Tue Mar 5 03:05:05 EET 2019

[13:04:50 CET] <cone-697> ffmpeg 03Martin Vignali 07master:9cb576fc1e3d: fate/qtrle : change 32b test to output bgra instead of rgb24
[13:04:51 CET] <cone-697> ffmpeg 03Martin Vignali 07master:5496a734882c: avcodec/qtrle : avoid swap in 32bpp decoding on little endian
[13:04:52 CET] <cone-697> ffmpeg 03Martin Vignali 07master:3278ea67c8f2: avcodec/qtrle : 32bpp dec copy two raw argb value at the same time
[13:04:53 CET] <cone-697> ffmpeg 03Martin Vignali 07master:88d0be1c0eea: avcodec/qtrle : improve 24bbp decoding speed
[15:29:53 CET] <durandal_1707> the QMF thing makes ac4 really slow, from 200x to 50x for stereo
[15:31:28 CET] <durandal_1707> there is no AVX for scalarproduct_float ..
[15:33:59 CET] <j-b> QMF?
[15:37:52 CET] <durandal_1707> j-b: Quadrature Mirror Filter, ac-4 version of aac's SBR
[15:39:00 CET] <JEEB> who here updates the site?

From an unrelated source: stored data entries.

Lemma extremal_p5_labelling A F : connected_in A -> degree_le A 3 ->
  F \subset A -> degree_le F 1 -> 5 * #|F| = 4 * #|A| + 2 ->
  exists n E f, p5_tree n E /\ labelling A n E f.
Proof.
have [N] := ubnP #|A|; elim: N A F => // N IH A F ltAN A_conn A_sub FA F_diss extremal.
have [cardF F_matching S_cubic sum_nbrs] :=
  dissociation_extremal A_conn A_sub FA F_diss extremal.
have [S0 | S_gt0] := posnP #|A :\: F|.
  have AF : A = F by apply/eqP; rewrite eqEsubset FA andbT -setD_eq0 -cards_eq0 S0.
  have /card_gt0P [a aF] : 0 < #|F| by rewrite cardF addn2.
  have [bF eab] : pick_nbr F a \in F /\ e a (pick_nbr F a).
    have : pick_nbr F a \in nbhd F a by rewrite nbhd_pick_nbr ?F_matching ?set11.
    by rewrite inE => /andP.
  have ab : a != pick_nbr F a by apply: contraTneq eab => <-; rewrite e_irr.
  have -> : A = [set a; pick_nbr F a].
    apply/eqP; rewrite AF eq_sym eqEcard subUset !sub1set aF bF cards2 ab.
    by rewrite cardF S0.
  by exists 2, [:: (0, 1)]; eexists; split; [exact: p5_K2 | exact: labelling_K2 eab].
have [x [y [z [j [k [u [pendant xyjk_F zF]]]]]]] :=
  find_pendant_P5 A_conn FA S_gt0 cardF F_matching S_cubic sum_nbrs.
set X := [set x; y; z; j; k].
have lt_A'N : #|A :\: X| < N.
  move: ltAN; rewrite -(cardsID X A) (setIidPr (pendant_P5_sub pendant)) (card_pendant pendant); lia.
have [n [E [f [tree lab]]]] := IH (A :\: X) (F :\: X) lt_A'N
  (pendant_P5_connected pendant A_conn) (degree_le_sub (subsetDl A X) A_sub)
  (setSD X FA) (degree_le_sub (subsetDl F X) F_diss)
  (pendant_P5_extremal pendant xyjk_F zF extremal).
have u_lt : f u < n by case: lab => _ _ f_lt _; apply: f_lt (pendant_P5_root pendant).
exists (n + 5), (E ++ p5_edges n (f u)); eexists; split; first exact: p5_attach.
exact: (labelling_attach pendant tree lab).
Qed.

End InducedSubgraphs.

Section Trees.
Variables (V : finType) (e : rel V).

Lemma dissociationP F : reflect (degree_le e F 1) (dissociation e F).
Proof. exact: forall_inP. Qed.

Lemma psi_attained : exists2 F, dissociation e F & psi e = #|F|.
Proof.
have [|F F_diss max_F] := @eq_bigmax_cond _ (dissociation e) (fun F : {set V} => #|F|).
  by apply/card_gt0P; exists set0; apply/dissociationP => v; rewrite inE.
by exists F; rewrite // -max_F; apply: eq_bigl => F'; rewrite inE.
Qed.

Lemma leq_psi F : dissociation e F -> #|F| <= psi e.
Proof. exact: (@leq_bigmax_cond _ (dissociation e) (fun F : {set V} => #|F|)). Qed.

Lemma connected_setT : connected e -> connected_in e [set: V].
Proof.
move=> conn x y _ _; rewrite (@eq_connect _ _ e) // => a b.
by rewrite /induced !in_setT.
Qed.

Lemma subcubic_setT : subcubic e -> degree_le e [set: V] 3.
Proof.
move=> subcub v _; rewrite /deg_in /nbhd.
by under eq_finset do rewrite in_setT; apply: subcub.
Qed.

Lemma labelling_from_K2_by_P5 n E f :
  p5_tree n E -> labelling e [set: V] n E f -> from_K2_by_P5 e.
Proof.
move=> tree [card_V f_inj f_lt f_adj]; exists n, E, f; split => //.
- by rewrite -cardsT.
- by move=> a b; apply: f_inj; rewrite in_setT.
- by move=> v; apply: f_lt; rewrite in_setT.
- by move=> a b; apply: f_adj; rewrite in_setT.
Qed.

Lemma from_K2_by_P5_dissociation :
  from_K2_by_P5 e -> exists2 D, dissociation e D & 5 * #|D| = 4 * #|V| + 2.
Proof.
case=> n [E [f [tree card_V f_inj f_lt f_adj]]].
exists [set v | ~~ p5_centre (f v)].
  apply/forall_inP => v; rewrite inE => kv; apply/card_le1_eqP => w1 w2.
  rewrite !inE => /andP [k1 e1] /andP [k2 e2]; apply: f_inj.
  by apply: (p5_tree_noncentre_matching tree kv k2 k1); rewrite /adj -f_adj.
have n_eq : n = 5 * (n %/ 5) + 2 by rewrite {1}(divn_eq n 5) (p5_tree_mod5 tree) mulnC.
rewrite (card_preimage_count (predC p5_centre) f_inj f_lt card_V) card_V n_eq count_noncentre.
lia.
Qed.

End Trees.

Theorem theorem2p3 (V : finType) (e : rel V) :
  is_tree e -> subcubic e ->
  5 * psi e <= 4 * #|V| + 2 /\
  (5 * psi e = 4 * #|V| + 2 <-> from_K2_by_P5 e).
Proof.
case=> -[e_sym e_irr] _ conn _ subcub.
have V_conn := connected_setT conn; have V_subcubic := subcubic_setT subcub.
have [F /dissociationP F_diss psi_F] := psi_attained e.
have bound : 5 * psi e <= 4 * #|V| + 2.
  by rewrite psi_F -cardsT; apply: (dissociation_bound e_sym V_conn V_subcubic (subsetT F) F_diss).
split => //; split.
  rewrite psi_F -cardsT => /(extremal_p5_labelling e_sym e_irr V_conn V_subcubic (subsetT F) F_diss).
  by case=> n [E [f [tree lab]]]; apply: labelling_from_K2_by_P5 tree lab.
by case/from_K2_by_P5_dissociation => D /leq_psi D_le cardD; lia.
Qed.
Ltac sel_cases p :=
  rewrite -?(sel_modDl _ p) -?(sel_mod _ p);
  case: (p %% 3)%N (ltn_pmod p (isT : (0 < 3)%N)) => [|[|[|//]]] _.

(* Entries are compared with [==]: both sides carry different proofs of the index bounds. *)
Ltac blk_eq :=
  apply/matrixP; case=> [[|[|[|//]]] ?] [[|[|[|//]]] ?];
  rewrite !mxE ?(big_ord_recr, big_ord0) /= ?mxE; apply/eqP; vm_compute; reflexivity.

Lemma zero_below0_mk_mat ds : zero_below 0 (mk_mat ds).
Proof. by move=> r s; rewrite addn0 /mk_mat => ->. Qed.

Lemma unit_diag_mk_mat ds : unit_diag (mk_mat ds).
Proof. by move=> r; rewrite /mk_mat ltnn eqxx. Qed.

Lemma periodic_mk_mat ds : periodic (mk_mat ds).
Proof. by move=> r s; rewrite /mk_mat ltn_add2r eqn_add2r subnDr sel_addn3. Qed.

Lemma mk_mat_above ds p j : (0 < j)%N ->
  mk_mat ds p (p + j)%N = decode (sel (nth (0, 0, 0)%N ds j.-1) p).
Proof.
move=> j_gt0; rewrite /mk_mat ltnNge leq_addr /= addKn.
by rewrite -{2}[p]addn0 eqn_add2l eqn0Ngt j_gt0.
Qed.

(** * Inverses and conjugation *)

Lemma bmul_sumr X Y (Ys : nat -> bmat) K r s :
  (forall t, (r <= t <= s)%N -> Y t s = \sum_(k < K) Ys k t s) ->
  bmul X Y r s = \sum_(k < K) bmul X (Ys k) r s.
Proof.
move=> eY; rewrite /bmul exchange_big /=.
by apply: eq_big_nat => t r_t_s; rewrite eY ?mulmx_sumr.
Qed.

Lemma bmul_suml X Y (Xs : nat -> bmat) K r s :
  (forall t, (r <= t <= s)%N -> X r t = \sum_(k < K) Xs k r t) ->
  bmul X Y r s = \sum_(k < K) bmul (Xs k) Y r s.
Proof.
move=> eX; rewrite /bmul exchange_big /=.
by apply: eq_big_nat => t /andP[le_rt lt_ts]; rewrite eX ?mulmx_suml // le_rt -ltnS.
Qed.

Lemma bpowSr X n : zero_below 0 X -> bpow X n.+1 = bmul (bpow X n) X.
Proof. by move=> zX; rewrite -addn1 bpowD bpow1. Qed.

Section Inverse.

Variable X : bmat.
Hypotheses (zX : zero_below 0 X) (dX : unit_diag X).

Let N := bneg_strict X.

Let zN : zero_below 1 N.
Proof.
move=> r s; rewrite addn1 ltnS leq_eqVlt => /predU1P[->|lt_sr].
  by rewrite /N /bneg_strict /bone eqxx dX subrr.
by rewrite /N /bneg_strict zX ?zero_below0_bone ?addn0 ?subr0.
Qed.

[15:39:01 CET] <JEEB> <@DEATH> https://ffmpeg.org/download.html says 4.1.1, why am I getting a 4.1 tarball?
[15:39:08 CET] <atomnuker> moral: think before you put easy to implement in hardware unsimdable filters in your codecs
[15:39:50 CET] <atomnuker> and really they should have done sbr in the frequency domain before invtx
[15:41:41 CET] <durandal_1707> JEEB: if one click on more releases, there is 4.1.1
[15:42:13 CET] <cone-697> ffmpeg 03Guo, Yejun 07master:402bf262375d: configure: add missing pthreads extralibs dependency for libvpx-vp9
[15:42:14 CET] <cone-697> ffmpeg 03Guo, Yejun 07master:d9b2668766e3: configure: use vpx_codec_vp8_dx/cx for libvpx-vp8 checking
[15:42:28 CET] <durandal_1707> atomnuker: this is just vanilla qmf analysis + qmf sythesis (actual decoding may be even slower)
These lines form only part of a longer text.